=== Begin Enclosure ===

Lemma integral_blaschke_majorant (nu : {measure set (R * R) -> \bar R}) (C r0 R1 : R) :
  (0 <= C)%R -> \int[nu]_(z in Cup R) blaschke_majorant C r0 R1 z =
  nu (disc R1 `&` Cup R) + C%:E * \int[nu]_(z in Cup R `\` disc r0) (im_inv_conj z)%:E.
Proof.
move=> C0; have mCup := @measurable_Cup R.
have mCim : measurable_fun [set: R * R] (fun z => (C * im_inv_conj z)%:E).
  by apply/measurable_EFinP/measurable_funM => //; exact: measurable_im_inv_conj.
rewrite ge0_integralD //; last 3 first.
- by apply/measurable_EFinP/measurable_indic; exact: measurable_disc.
- by move=> z z0; rewrite patchE; case: ifP => // _; rewrite lee_fin mulr_ge0 ?im_inv_conj_ge0.
- apply: (proj1 (measurable_restrict _ (measurableC (measurable_disc r0)) mCup)).
  exact: measurable_funTS mCim.
rewrite integral_indic //; last exact: measurable_disc.
rewrite -integral_mkcondr -setDE; under eq_integral do rewrite EFinM.
rewrite ge0_integralZl_EFin //.
- by apply: measurableD => //; exact: measurable_disc.
- by move=> z [z0 _]; rewrite lee_fin im_inv_conj_ge0.
- by apply/measurable_EFinP; apply: measurable_funTS; exact: measurable_im_inv_conj.
Qed.

End blaschke_majorant.

Section balayage_criteria.
Context {R : realType} (nu : {measure set (R * R) -> \bar R}).
Local Open Scope ereal_scope.

Definition balayage_finite : Prop :=
  forall B : set (R * R), measurable B -> bounded_C B -> balayage nu B < +oo.

Definition harm_measure_integrable : Prop :=
  exists B : set R, [/\ measurable B, bounded_R B, 0 < lebesgue_measure B &
    \int[nu]_(z in Cup R) harm_measure z (R_to_C B) < +oo].

Definition blaschke_near_infinity : Prop :=
  exists r0 : R, (0 < r0)%R /\
    \int[nu]_(z in Cup R `\` disc r0) (im_inv_conj z)%:E < +oo.

Lemma balayage_finite_harm_measure_integrable :
  balayage_finite -> harm_measure_integrable.
Proof.
move=> bal_fin; exists `[0%R, 1%R]%classic; split.
- exact: measurable_itv.
- by exists 1%R => t; rewrite /= in_itv /= => /andP[t0 t1]; rewrite ger0_norm.
- by rewrite lebesgue_measure_itv /= lte_fin ltr01 -EFinB subr0 lte_fin ltr01.
have I01E : R_to_C (`[0%R, 1%R] : set R) = `[0%R, 1%R] `*` [set 0%R].
  by apply/seteqP; split => [_ [t t01 <-] | [t _] /= [t01 ->]]; [|exists t].
apply: le_lt_trans (bal_fin _ _ _); first exact: leeDl.
- by rewrite I01E; exact: measurableX.
exists 1%R => _ [t + <-]; rewrite /= in_itv /= => /andP[t0 t1].
by rewrite expr0n /= addr0; nra.
Qed.

Lemma harm_measure_integrable_blaschke :
  harm_measure_integrable -> blaschke_near_infinity.
Proof.
case=> B [mB /bounded_R_sub_itv[A A0 BA] B_gt0 harm_fin].
have [m Bm m0] : exists2 m, lebesgue_measure B = m%:E & (0 < m)%R.
  have : lebesgue_measure B <= (A + A)%:E.
    rewrite -lebesgue_measure_sym_itv //.
    by apply: le_measure; rewrite ?inE //; exact: measurable_itv.
  move: B_gt0; case: (lebesgue_measure B) => [m||] //; rewrite lte_fin.
  by exists m.
exists A; split => //.
pose k := (pi^-1 * m / 4)%R.
have k0 : (0 < k)%R by rewrite divr_gt0 // mulr_gt0 // invr_gt0 pi_gt0.
have mCupD : measurable (Cup R `\` disc A).
  by apply: measurableD; [exact: measurable_Cup | exact: measurable_disc].
have : \int[nu]_(z in Cup R `\` disc A) (k%:E * (im_inv_conj z)%:E) < +oo.
  apply: le_lt_trans harm_fin; apply: le_trans (subset_integral_nonneg _ _ (@subDsetl _ _ _) _).
  - apply: le_integral_nonneg => z [z0 zA].
      by rewrite -EFinM lee_fin mulr_ge0 ?im_inv_conj_ge0 // ltW.
    move/negP: zA; rewrite -leNgt => zA.
    apply: le_trans (harm_measure_ge_im_inv_conj z0 mB BA zA); rewrite Bm -!EFinM lee_fin.
    by rewrite (_ : _ * m = k * im_inv_conj z)%R // /k; ring.
  - by move=> z z0; exact: harm_measure_ge0.
rewrite ge0_integralZl_EFin ?ltW //; last 2 first.
- by move=> z [z0 _]; rewrite lee_fin im_inv_conj_ge0.
- by apply/measurable_EFinP; apply: measurable_funTS; exact: measurable_im_inv_conj.
move=> kI_fin; rewrite ltey; apply: contraTneq kI_fin => ->.
by rewrite mulry gtr0_sg // mul1e ltxx.
Qed.

Lemma blaschke_balayage_finite :
  (forall K : set (R * R), compact K -> nu K < +oo) ->
  blaschke_near_infinity -> balayage_finite.
Proof.
move=> nu_cpt [r0 [r0_gt0 blaschke]] B mB /bounded_C_sub_square[A A0 BA].
have nu_square a : nu (square a) < +oo by apply: nu_cpt; exact: compact_square.
pose R1 := Num.max r0 (2 * A)%R.
have r0R1 : (r0 <= R1)%R by rewrite le_max lexx.
have AR1 : (2 * A <= R1)%R by rewrite le_max lexx orbT.
have C_ge0 : (0 <= 8 * A / pi)%R by rewrite divr_ge0 ?mulr_ge0 ?ltW ?pi_gt0.
rewrite /balayage; apply: lte_add_pinfty.
- apply: (@le_lt_trans _ _ (\int[nu]_(z in Cup R) blaschke_majorant (8 * A / pi)%R r0 R1 z)).
    apply: le_integral_nonneg => z z0; first exact: harm_measure_ge0.
    exact: harm_measure_le_blaschke_majorant A0 (real_trace_square BA) (ltW r0_gt0) r0R1 AR1 z0.
  rewrite integral_blaschke_majorant //; apply: lte_add_pinfty; last exact: lte_mul_pinfty.
  apply: le_lt_trans (nu_square R1); apply: le_measure; rewrite ?inE.
  + by apply: measurableI; [exact: measurable_disc | exact: measurable_Cup].
  + exact: measurable_square.
  + move=> z [zR1 _]; apply: disc_sub_square zR1.
    exact: le_trans (ltW r0_gt0) r0R1.
- apply: le_lt_trans (nu_square A); apply: le_measure; rewrite ?inE.
  + by apply: measurableI => //; exact: measurable_Clw_closed.
  + exact: measurable_square.
  + by move=> z [/BA].
Qed.

End balayage_criteria.

Theorem corollary1 (R : realType) (nu : {measure set (R * R) -> \bar R})
  (hfin : forall K : set (R * R), compact K -> (nu K < +oo)%E) :
  let b1 := forall B : set (R * R), measurable B -> bounded_C B ->
              (balayage nu B < +oo)%E in
  let b2 := exists B : set R, [/\ measurable B, bounded_R B,
              (0 < @lebesgue_measure R B)%E &
              (\int[nu]_(z in Cup R) harm_measure z (R_to_C B) < +oo)%E] in
  let b3 := exists r0 : R, 0 < r0 /\
              (\int[nu]_(z in Cup R `\` disc r0) (im_inv_conj z)%:E < +oo)%E in
  (b1 <-> b2) /\ (b2 <-> b3) /\ (b1 <-> b3).
Proof.
move=> b1 b2 b3.
have b12 : b1 -> b2 := @balayage_finite_harm_measure_integrable R nu.
have b23 : b2 -> b3 := @harm_measure_integrable_blaschke R nu.
have b31 : b3 -> b1 := @blaschke_balayage_finite R nu hfin.
tauto.
Qed.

=== End Enclosure ===

HOW TO COMPLETE THIS TASK:
Give back the whole listing above, identical in every line.

RESPONSE:
Lemma integral_blaschke_majorant (nu : {measure set (R * R) -> \bar R}) (C r0 R1 : R) :
  (0 <= C)%R -> \int[nu]_(z in Cup R) blaschke_majorant C r0 R1 z =
  nu (disc R1 `&` Cup R) + C%:E * \int[nu]_(z in Cup R `\` disc r0) (im_inv_conj z)%:E.
Proof.
move=> C0; have mCup := @measurable_Cup R.
have mCim : measurable_fun [set: R * R] (fun z => (C * im_inv_conj z)%:E).
  by apply/measurable_EFinP/measurable_funM => //; exact: measurable_im_inv_conj.
rewrite ge0_integralD //; last 3 first.
- by apply/measurable_EFinP/measurable_indic; exact: measurable_disc.
- by move=> z z0; rewrite patchE; case: ifP => // _; rewrite lee_fin mulr_ge0 ?im_inv_conj_ge0.
- apply: (proj1 (measurable_restrict _ (measurableC (measurable_disc r0)) mCup)).
  exact: measurable_funTS mCim.
rewrite integral_indic //; last exact: measurable_disc.
rewrite -integral_mkcondr -setDE; under eq_integral do rewrite EFinM.
rewrite ge0_integralZl_EFin //.
- by apply: measurableD => //; exact: measurable_disc.
- by move=> z [z0 _]; rewrite lee_fin im_inv_conj_ge0.
- by apply/measurable_EFinP; apply: measurable_funTS; exact: measurable_im_inv_conj.
Qed.

End blaschke_majorant.

Section balayage_criteria.
Context {R : realType} (nu : {measure set (R * R) -> \bar R}).
Local Open Scope ereal_scope.

Definition balayage_finite : Prop :=
  forall B : set (R * R), measurable B -> bounded_C B -> balayage nu B < +oo.

Definition harm_measure_integrable : Prop :=
  exists B : set R, [/\ measurable B, bounded_R B, 0 < lebesgue_measure B &
    \int[nu]_(z in Cup R) harm_measure z (R_to_C B) < +oo].

Definition blaschke_near_infinity : Prop :=
  exists r0 : R, (0 < r0)%R /\
    \int[nu]_(z in Cup R `\` disc r0) (im_inv_conj z)%:E < +oo.

Lemma balayage_finite_harm_measure_integrable :
  balayage_finite -> harm_measure_integrable.
Proof.
move=> bal_fin; exists `[0%R, 1%R]%classic; split.
- exact: measurable_itv.
- by exists 1%R => t; rewrite /= in_itv /= => /andP[t0 t1]; rewrite ger0_norm.
- by rewrite lebesgue_measure_itv /= lte_fin ltr01 -EFinB subr0 lte_fin ltr01.
have I01E : R_to_C (`[0%R, 1%R] : set R) = `[0%R, 1%R] `*` [set 0%R].
  by apply/seteqP; split => [_ [t t01 <-] | [t _] /= [t01 ->]]; [|exists t].
apply: le_lt_trans (bal_fin _ _ _); first exact: leeDl.
- by rewrite I01E; exact: measurableX.
exists 1%R => _ [t + <-]; rewrite /= in_itv /= => /andP[t0 t1].
by rewrite expr0n /= addr0; nra.
Qed.

Lemma harm_measure_integrable_blaschke :
  harm_measure_integrable -> blaschke_near_infinity.
Proof.
case=> B [mB /bounded_R_sub_itv[A A0 BA] B_gt0 harm_fin].
have [m Bm m0] : exists2 m, lebesgue_measure B = m%:E & (0 < m)%R.
  have : lebesgue_measure B <= (A + A)%:E.
    rewrite -lebesgue_measure_sym_itv //.
    by apply: le_measure; rewrite ?inE //; exact: measurable_itv.
  move: B_gt0; case: (lebesgue_measure B) => [m||] //; rewrite lte_fin.
  by exists m.
exists A; split => //.
pose k := (pi^-1 * m / 4)%R.
have k0 : (0 < k)%R by rewrite divr_gt0 // mulr_gt0 // invr_gt0 pi_gt0.
have mCupD : measurable (Cup R `\` disc A).
  by apply: measurableD; [exact: measurable_Cup | exact: measurable_disc].
have : \int[nu]_(z in Cup R `\` disc A) (k%:E * (im_inv_conj z)%:E) < +oo.
  apply: le_lt_trans harm_fin; apply: le_trans (subset_integral_nonneg _ _ (@subDsetl _ _ _) _).
  - apply: le_integral_nonneg => z [z0 zA].
      by rewrite -EFinM lee_fin mulr_ge0 ?im_inv_conj_ge0 // ltW.
    move/negP: zA; rewrite -leNgt => zA.
    apply: le_trans (harm_measure_ge_im_inv_conj z0 mB BA zA); rewrite Bm -!EFinM lee_fin.
    by rewrite (_ : _ * m = k * im_inv_conj z)%R // /k; ring.
  - by move=> z z0; exact: harm_measure_ge0.
rewrite ge0_integralZl_EFin ?ltW //; last 2 first.
- by move=> z [z0 _]; rewrite lee_fin im_inv_conj_ge0.
- by apply/measurable_EFinP; apply: measurable_funTS; exact: measurable_im_inv_conj.
move=> kI_fin; rewrite ltey; apply: contraTneq kI_fin => ->.
by rewrite mulry gtr0_sg // mul1e ltxx.
Qed.

Lemma blaschke_balayage_finite :
  (forall K : set (R * R), compact K -> nu K < +oo) ->
  blaschke_near_infinity -> balayage_finite.
Proof.
move=> nu_cpt [r0 [r0_gt0 blaschke]] B mB /bounded_C_sub_square[A A0 BA].
have nu_square a : nu (square a) < +oo by apply: nu_cpt; exact: compact_square.
pose R1 := Num.max r0 (2 * A)%R.
have r0R1 : (r0 <= R1)%R by rewrite le_max lexx.
have AR1 : (2 * A <= R1)%R by rewrite le_max lexx orbT.
have C_ge0 : (0 <= 8 * A / pi)%R by rewrite divr_ge0 ?mulr_ge0 ?ltW ?pi_gt0.
rewrite /balayage; apply: lte_add_pinfty.
- apply: (@le_lt_trans _ _ (\int[nu]_(z in Cup R) blaschke_majorant (8 * A / pi)%R r0 R1 z)).
    apply: le_integral_nonneg => z z0; first exact: harm_measure_ge0.
    exact: harm_measure_le_blaschke_majorant A0 (real_trace_square BA) (ltW r0_gt0) r0R1 AR1 z0.
  rewrite integral_blaschke_majorant //; apply: lte_add_pinfty; last exact: lte_mul_pinfty.
  apply: le_lt_trans (nu_square R1); apply: le_measure; rewrite ?inE.
  + by apply: measurableI; [exact: measurable_disc | exact: measurable_Cup].
  + exact: measurable_square.
  + move=> z [zR1 _]; apply: disc_sub_square zR1.
    exact: le_trans (ltW r0_gt0) r0R1.
- apply: le_lt_trans (nu_square A); apply: le_measure; rewrite ?inE.
  + by apply: measurableI => //; exact: measurable_Clw_closed.
  + exact: measurable_square.
  + by move=> z [/BA].
Qed.

End balayage_criteria.

Theorem corollary1 (R : realType) (nu : {measure set (R * R) -> \bar R})
  (hfin : forall K : set (R * R), compact K -> (nu K < +oo)%E) :
  let b1 := forall B : set (R * R), measurable B -> bounded_C B ->
              (balayage nu B < +oo)%E in
  let b2 := exists B : set R, [/\ measurable B, bounded_R B,
              (0 < @lebesgue_measure R B)%E &
              (\int[nu]_(z in Cup R) harm_measure z (R_to_C B) < +oo)%E] in
  let b3 := exists r0 : R, 0 < r0 /\
              (\int[nu]_(z in Cup R `\` disc r0) (im_inv_conj z)%:E < +oo)%E in
  (b1 <-> b2) /\ (b2 <-> b3) /\ (b1 <-> b3).
Proof.
move=> b1 b2 b3.
have b12 : b1 -> b2 := @balayage_finite_harm_measure_integrable R nu.
have b23 : b2 -> b3 := @harm_measure_integrable_blaschke R nu.
have b31 : b3 -> b1 := @blaschke_balayage_finite R nu hfin.
tauto.
Qed.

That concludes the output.